- Qışlaqabbas
- Coordinates: 39°29′26″N 45°00′08″E﻿ / ﻿39.49056°N 45.00222°E
- Country: Azerbaijan
- Autonomous republic: Nakhchivan
- District: Sharur

Population (2005)^{[citation needed]}
- • Total: 1,825
- Time zone: UTC+4 (AZT)

= Qışlaqabbas =

Qışlaqabbas (also known as Gyshlagabbas, Gyshlag Abbas, and Gyshlag-Abbas) is a village and municipality in the Sharur District of Nakhchivan, Azerbaijan. It is located on the bank of the Arpachay River, 10 km south of the district center. It was merged with the İbadulla village, recently separated from it. They share common administrative building. Its population is mainly busy with farming. There are a secondary school, a cultural house, a medical center and an ancient settlement of Şortəpə in the village. The municipality has a population of 1,825.

==Etymology==
The name of the village was made out from the words of qışlaq (the wintering) and Abbas (person's name) means "the wintering of Abbas".

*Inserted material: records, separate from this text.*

(* Let $q$ be a power of the prime $p$ and let $n$ be a positive integer not divisible by $p$. Let $h\in\mathbb{F}_q[x]$ with $\gcd\left(h(x),\frac{x^n-1}{x-1}\right)=1$, and let $b(x)=\sum_{i=0}^m b_i x^i\in\mathbb{F}_q[x]$ be a permutation polynomial of $\mathbb{F}_q$. Then for every $\theta_0,\ldots,\theta_{q-1}\in\mathbb{F}_{q^n}$, the polynomial $$P(x)=L_h(x)-\frac{h(1)}{n}\cdot\mathrm{Tr}_{q^n/q}(x)+\sum_{i=0}^m\frac{b_i}{n}\cdot\mathrm{Tr}_{q^n/q}(x)^i+\sum_{i=0}^{q-1}(\theta_i^q-\theta_i)\cdot\mathrm{Tr}_{q^n/q}(x)^i$$ is a permutation polynomial of $\mathbb{F}_{q^n}$. In addition, if $\gcd\left(h(x)+1,\frac{x^n-1}{x-1}\right)=1$ and $b$ is a complete permutation polynomial of $\mathbb{F}_q$, then $P$ is a complete permutation polynomial of $\mathbb{F}_{q^n}$.
   Context: For $u(x)=\sum_{i=0}^m a_i x^i\in\mathbb{F}_q[x]$, its linearized $q$-associate is $L_u(x)=\sum_{i=0}^m a_i x^{q^i}$. $\mathrm{Tr}_{q^n/q}(x)=x+x^q+\cdots+x^{q^{n-1}}$. A permutation polynomial of a finite field $K$ is a polynomial inducing a bijection of $K$; it is a complete permutation polynomial if moreover $b(x)+x$ induces a bijection of $K$. *)

From HB Require Import structures.
From mathcomp Require Import all_boot all_order all_algebra all_field.
Set Implicit Arguments. Unset Strict Implicit. Unset Printing Implicit Defensive.
Import GRing.Theory.
Local Open Scope ring_scope.

Definition lin_assoc (R : nzRingType) (q : nat) (u : {poly R}) : {poly R} :=
  \sum_(i < size u) u`_i *: 'X^(q ^ i).

Definition trace_poly (R : nzRingType) (q n : nat) : {poly R} :=
  \sum_(i < n) 'X^(q ^ i).

From HB Require Import structures.
From mathcomp Require Import all_boot all_order all_algebra all_field.
Set Implicit Arguments. Unset Strict Implicit. Unset Printing Implicit Defensive.
Import GRing.Theory.
Local Open Scope ring_scope.

(* Write P(x) = L_h(x) + g(Tr x). As Tr = L_{(x^n - 1)/(x - 1)}, L_h commutes with
   Tr and acts on F_q as multiplication by h(1); moreover Tr(a) = n a on F_q and
   Tr(theta^q - theta) = 0. Hence Tr(P(x)) = b(Tr x), so P(x) = P(y) forces
   Tr x = Tr y since b permutes F_q, and then L_h(x - y) = 0 = Tr(x - y); a Bezout
   relation between h and (x^n - 1)/(x - 1) gives x = y. For P(x) + x, replace h
   by h + 1 and b by b + id. *)

Lemma horner_sum_polyC_exp (R : comNzRingType) k (a : 'I_k -> R) (p : {poly R}) x :
  (\sum_(i < k) (a i)%:P * p ^+ i).[x] = \sum_(i < k) a i * p.[x] ^+ i.
Proof. by rewrite horner_sum; apply: eq_bigr => i _; rewrite hornerCM horner_exp. Qed.

Section LinearizedPolynomials.
Variables (F : finFieldType) (L : fieldExtType F).
Local Notation q := #|F|.
Local Notation n := (\dim {:L}).
Implicit Types (u v : {poly F}) (c : F) (x y : L).

Lemma pnat_card_pchar : [pchar L].-nat q.
Proof.
have [p p_pr pF] := finPcharP F.
have pL : p \in [pchar L] by rewrite (pchar_lalg L).
by rewrite (eq_pnat _ (pcharf_eq pL)) (card_pprimeChar pF) pnatX pnat_id.
Qed.

Lemma frobD k x y : (x + y) ^+ (q ^ k) = x ^+ (q ^ k) + y ^+ (q ^ k).
Proof. by apply: exprDn_pchar; rewrite pnatX pnat_card_pchar. Qed.

Lemma frob0 k : (0 : L) ^+ (q ^ k) = 0.
Proof. by rewrite expr0n expn_eq0 eqn0Ngt (ltnW (finNzRing_gt1 F)). Qed.

Lemma frob_sum k I (r : seq I) (P : pred I) (f : I -> L) :
  (\sum_(i <- r | P i) f i) ^+ (q ^ k) = \sum_(i <- r | P i) f i ^+ (q ^ k).
Proof. exact: (big_morph _ (frobD k) (frob0 k)). Qed.

Lemma expq_alg c : (c%:A : L) ^+ q = c%:A.
Proof. by rewrite exprZn expr1n expf_card. Qed.

Lemma frob_fixed k y : y ^+ q = y -> y ^+ (q ^ k) = y.
Proof.
by move=> yq; elim: k => [|k IHk]; rewrite ?expr1 // expnSr exprM IHk yq.
Qed.

Lemma frob_alg k c : (c%:A : L) ^+ (q ^ k) = c%:A.
Proof. exact/frob_fixed/expq_alg. Qed.

Lemma frobZ k c x : (c *: x) ^+ (q ^ k) = c *: x ^+ (q ^ k).
Proof. by rewrite -mulr_algl exprMn frob_alg mulr_algl. Qed.

Lemma frob_comp i j x : x ^+ (q ^ i) ^+ (q ^ j) = x ^+ (q ^ (i + j)).
Proof. by rewrite -exprM -expnD. Qed.

Lemma frob_id x : x ^+ (q ^ n) = x.
Proof. by apply/eqP; rewrite -(@Fermat's_little_theorem _ L {:L}%AS) memvf. Qed.

Lemma frob_fixed_alg x : x ^+ q = x -> exists c, x = c%:A.
Proof.
move=> /eqP xq; have /vlineP[c ->] : x \in 1%VS.
  by rewrite (@Fermat's_little_theorem _ L 1%AS) dimv1 expn1.
by exists c.
Qed.

Lemma inj_fieldExt_bij (f : L -> L) : injective f -> bijective f.
Proof. exact: (@injF_bij (finvect_type L)). Qed.

Definition linq u x := \sum_(i < size u) u`_i *: x ^+ (q ^ i).

Fact linq_is_linear u : linear (linq u).
Proof.
move=> a x y; rewrite /linq scaler_sumr -big_split; apply: eq_bigr => i _.
by rewrite frobD frobZ scalerDr !scalerA mulrC.
Qed.

HB.instance Definition _ u :=
  GRing.isLinear.Build F L L *:%R (linq u) (linq_is_linear u).

Lemma linq_widen u k x :
  (size u <= k)%N -> linq u x = \sum_(i < k) u`_i *: x ^+ (q ^ i).
Proof.
move=> le_u_k; rewrite /linq (big_ord_widen k (fun i => u`_i *: x ^+ (q ^ i)) le_u_k).
rewrite big_mkcond; apply: eq_bigr => i _; case: ltnP => // le_u_i.
by rewrite nth_default // scale0r.
Qed.

Lemma linq_poly0 x : linq 0 x = 0.
Proof. by rewrite /linq size_poly0 big_ord0. Qed.

Lemma linq_polyD u v x : linq (u + v) x = linq u x + linq v x.
Proof.
pose k := maxn (size u) (size v).
rewrite (@linq_widen (u + v) k) ?(leq_trans (size_polyD _ _)) //.
rewrite (@linq_widen u k) ?leq_maxl // (@linq_widen v k) ?leq_maxr //.
by rewrite -big_split; apply: eq_bigr => i _; rewrite coefD scalerDl.
Qed.

Lemma linq_polyZ c u x : linq (c *: u) x = c *: linq u x.
Proof.
rewrite (@linq_widen _ (size u)) ?size_scale_leq // /linq scaler_sumr.
by apply: eq_bigr => i _; rewrite coefZ scalerA.
Qed.

Lemma linqC c x : linq c%:P x = c *: x.
Proof. by rewrite (@linq_widen _ 1) ?size_polyC_leq1 // big_ord1 coefC expn0 expr1. Qed.

Lemma linq1 x : linq 1 x = x.
Proof. by rewrite -polyC1 linqC scale1r. Qed.

Lemma linqXn i x : linq 'X^i x = x ^+ (q ^ i).
Proof.
rewrite /linq size_polyXn big_ord_recr /= coefXn eqxx scale1r big1 ?add0r //.
by move=> j _; rewrite coefXn (ltn_eqF (ltn_ord j)) scale0r.
Qed.

Lemma linqMX u x : linq (u * 'X) x = linq u (x ^+ q).
Proof.
rewrite (@linq_widen _ (size u).+1); last first.
  by rewrite (leq_trans (size_polyMleq _ _)) // size_polyX addn2.
rewrite big_ord_recl coefMX scale0r add0r; apply: eq_bigr => i _.
by rewrite coefMX /= -exprM -expnS.
Qed.

Lemma linq_frob u k x : linq u x ^+ (q ^ k) = linq u (x ^+ (q ^ k)).
Proof.
rewrite frob_sum; apply: eq_bigr => i _.
by rewrite frobZ !frob_comp addnC.
Qed.

Lemma linqM u v x : linq (u * v) x = linq u (linq v x).
Proof.
elim/poly_ind: u v x => [|u c IHu] v x; first by rewrite mul0r !linq_poly0.
rewrite mulrDl -mulrA [_ * v]mulrC linq_polyD IHu linqMX mul_polyC linq_polyZ.
by rewrite linq_polyD linqC linqMX -[q in linq v x ^+ q]expn1 linq_frob expn1.
Qed.

Lemma linq_fixed u y : y ^+ q = y -> linq u y = u.[1] *: y.
Proof.
move=> yq; rewrite /linq horner_coef scaler_suml; apply: eq_bigr => i _.
by rewrite frob_fixed // expr1n mulr1.
Qed.

Definition trq k := linq (\sum_(i < k) 'X^i).

HB.instance Definition _ k := GRing.Linear.on (trq k).

Lemma trqE k x : trq k x = \sum_(i < k) x ^+ (q ^ i).
Proof.
rewrite /trq (big_morph (linq^~ x) (fun u v => linq_polyD u v x) (linq_poly0 x)).
by apply: eq_bigr => i _; rewrite linqXn.
Qed.

Lemma trq_alg k c : trq k c%:A = (c *+ k)%:A.
Proof.
rewrite trqE (eq_bigr (fun=> c%:A)) => [|i _]; last exact: frob_alg.
by rewrite sumr_const card_ord scalerMnl.
Qed.

Lemma linq_trq u k x : linq u (trq k x) = trq k (linq u x).
Proof. by rewrite /trq -!linqM mulrC. Qed.

Lemma Xn_sub1_divp k : ('X^k - 1) %/ ('X - 1) = \sum_(i < k) 'X^i :> {poly F}.
Proof. by rewrite subrX1 mulrC mulpK // -polyC1 polyXsubC_eq0. Qed.

(* Bezout: [a u + b (X^k - 1)/(X - 1) = 1] turns into [z = L_a (L_u z) + L_b (Tr z)]. *)
Lemma linq_trq_eq0 u k z :
  coprimep u (('X^k - 1) %/ ('X - 1)) -> linq u z = 0 -> trq k z = 0 -> z = 0.
Proof.
rewrite Xn_sub1_divp => /Bezout_eq1_coprimepP[[a b] /= Bezout] uz0 tz0.
by rewrite -(linq1 z) -Bezout linq_polyD !linqM uz0 [linq _ z]tz0 !linear0 addr0.
Qed.

Lemma trq_frob_fixed x : trq n x ^+ q = trq n x.
Proof.
have [m n_eq] : exists m, n = m.+1 by exists n.-1; rewrite prednK ?adim_gt0.
rewrite !trqE -[q in _ ^+ q]expn1 frob_sum n_eq big_ord_recr big_ord_recl /=.
rewrite frob_comp addn1 -n_eq frob_id expn0 expr1 addrC; congr (_ + _).
by apply: eq_bigr => i _; rewrite frob_comp addn1.
Qed.

Lemma trq_scalar x : exists c, trq n x = c%:A.
Proof. exact/frob_fixed_alg/trq_frob_fixed. Qed.

Lemma trq_expq_sub x : trq n (x ^+ q - x) = 0.
Proof.
by rewrite linearB /= /trq -[q in x ^+ q]expn1 -linq_frob expn1 trq_frob_fixed subrr.
Qed.

(* Taking traces, f x = f y forces B (Tr x) = B (Tr y), hence Tr x = Tr y, and
   then L_u (x - y) = 0 = Tr (x - y). *)
Lemma bijective_linq_add_trq u (g : L -> L) (B : F -> F) (f : L -> L) :
  coprimep u (('X^n - 1) %/ ('X - 1)) -> injective B ->
  (forall c, (u.[1] * c)%:A + trq n (g c%:A) = (B c)%:A) ->
  (forall x, f x = linq u x + g (trq n x)) -> bijective f.
Proof.
move=> u_coprime B_inj trg fE; apply: inj_fieldExt_bij => x y; rewrite !fE => fxy.
have trq_f z c : trq n z = c%:A -> trq n (linq u z + g (trq n z)) = (B c)%:A.
  move=> tz; rewrite linearD /= -linq_trq tz linq_fixed ?expq_alg //.
  by rewrite scalerA trg.
have [cx tx] := trq_scalar x; have [cy ty] := trq_scalar y.
have cxy : cx = cy.
  apply/B_inj/(fmorph_inj (in_alg L)).
  by rewrite /= -(trq_f x _ tx) -(trq_f y _ ty) fxy.
have txy : trq n x = trq n y by rewrite tx ty cxy.
apply/subr0_eq/(linq_trq_eq0 u_coprime).
  by move: fxy; rewrite linearB /= txy => /addIr ->; rewrite subrr.
by rewrite linearB /= txy subrr.
Qed.

Definition correction (a : F) (b : {poly F}) k (theta : 'I_k -> L) (t : L) :=
  - (a / n%:R)%:A * t + \sum_(i < size b) (b`_i / n%:R)%:A * t ^+ i
  + \sum_(i < k) (theta i ^+ q - theta i) * t ^+ i.

Lemma trq_correction a b k (theta : 'I_k -> L) c : n%:R != 0 :> F ->
  trq n (correction a b theta c%:A) = (b.[c] - a * c)%:A.
Proof.
move=> n_neq0; have alg_exp i : c%:A ^+ i = (c ^+ i)%:A :> L by rewrite exprZn expr1n.
have -> : correction a b theta c%:A = ((b.[c] - a * c) / n%:R)%:A
    + \sum_(i < k) (theta i ^+ q - theta i) * c%:A ^+ i.
  rewrite /correction; congr (_ + _).
  under eq_bigr => i _ do rewrite alg_exp mulr_algl scalerA.
  rewrite mulNr mulr_algl scalerA -scaleNr -scaler_suml -scalerDl; congr (_ *: 1).
  rewrite horner_coef addrC mulrBl mulrAC mulr_suml; congr (_ - _).
  by apply: eq_bigr => i _; rewrite mulrAC.
rewrite linearD /= trq_alg -[(_ / _) *+ _]mulr_natr divfK //.
rewrite linear_sum big1 ?addr0 // => i _.
by rewrite alg_exp mulr_algr linearZ /= trq_expq_sub scaler0.
Qed.

Lemma horner_lin_assoc u x : (map_poly (in_alg L) (lin_assoc q u)).[x] = linq u x.
Proof.
rewrite /lin_assoc raddf_sum /= horner_sum; apply: eq_bigr => i _.
by rewrite map_polyZ map_polyXn hornerZ hornerXn mulr_algl.
Qed.

Lemma horner_trace_poly k x : (trace_poly L q k).[x] = trq k x.
Proof. by rewrite trqE horner_sum; apply: eq_bigr => i _; rewrite hornerXn. Qed.

End LinearizedPolynomials.

Theorem corollary3p7 (F : finFieldType) (L : fieldExtType F) (p n : nat)
  (hp : p \in [pchar F]) (hn0 : (0 < n)%N) (hpn : ~~ (p %| n)%N)
  (hdim : \dim {:L} = n)
  (h b : {poly F})
  (hh : coprimep h (('X^n - 1) %/ ('X - 1)))
  (hb : bijective (fun x : F => b.[x]))
  (theta : 'I_#|F| -> L) :
  let q := #|F| in
  let T : {poly L} := trace_poly L q n in
  let P : {poly L} :=
    map_poly (in_alg L) (lin_assoc q h)
    - ((h.[1] / n%:R)%:A)%:P * T
    + \sum_(i < size b) ((b`_i / n%:R)%:A)%:P * T ^+ i
    + \sum_(i < q) ((theta i) ^+ q - theta i)%:P * T ^+ i in
  bijective (fun x : L => P.[x]) /\
  (coprimep (h + 1) (('X^n - 1) %/ ('X - 1)) ->
   bijective (fun x : F => b.[x] + x) ->
   bijective (fun x : L => P.[x] + x)).
Proof.
move=> q T P; subst n.
have n_neq0 : (\dim {:L})%:R != 0 :> F by rewrite -(dvdn_pcharf hp).
pose g := correction h.[1] b theta.
have hornerP x : P.[x] = linq h x + g (trq (\dim {:L}) x).
  rewrite /P /T /g /correction !hornerD hornerN !horner_sum_polyC_exp.
  by rewrite horner_lin_assoc hornerCM horner_trace_poly mulNr !addrA.
have trg c : (h.[1] * c)%:A + trq (\dim {:L}) (g c%:A) = (b.[c])%:A.
  by rewrite /g trq_correction // -scalerDl addrC subrK.
split=> [|h1_coprime b1_bij].
  exact: bijective_linq_add_trq hh (bij_inj hb) trg hornerP.
have trg1 c : ((h + 1).[1] * c)%:A + trq (\dim {:L}) (g c%:A) = (b.[c] + c)%:A.
  by rewrite !hornerE mulrDl mul1r !scalerDl addrAC trg.
apply: bijective_linq_add_trq h1_coprime (bij_inj b1_bij) trg1 _ => x.
by rewrite hornerP linq_polyD linq1 addrAC.
Qed.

==Historical and archaeological monuments==
===Şortəpə Necropolis===
Şortəpə (Shortapa) Necropolis - the archaeological monument of the Bronze Age (2nd millennium of BC) in the east from the Qıslaqabbas village, near of the same named settlement of the Sharur region. Its area is 3 hectares. From stone box graves which were destroyed during farm works were discovered rich material and cultural monuments. The findings consist from a red jug made from clay, little pot, bowl, plates of kettle type. Polychrome painted plates were represented with a jug.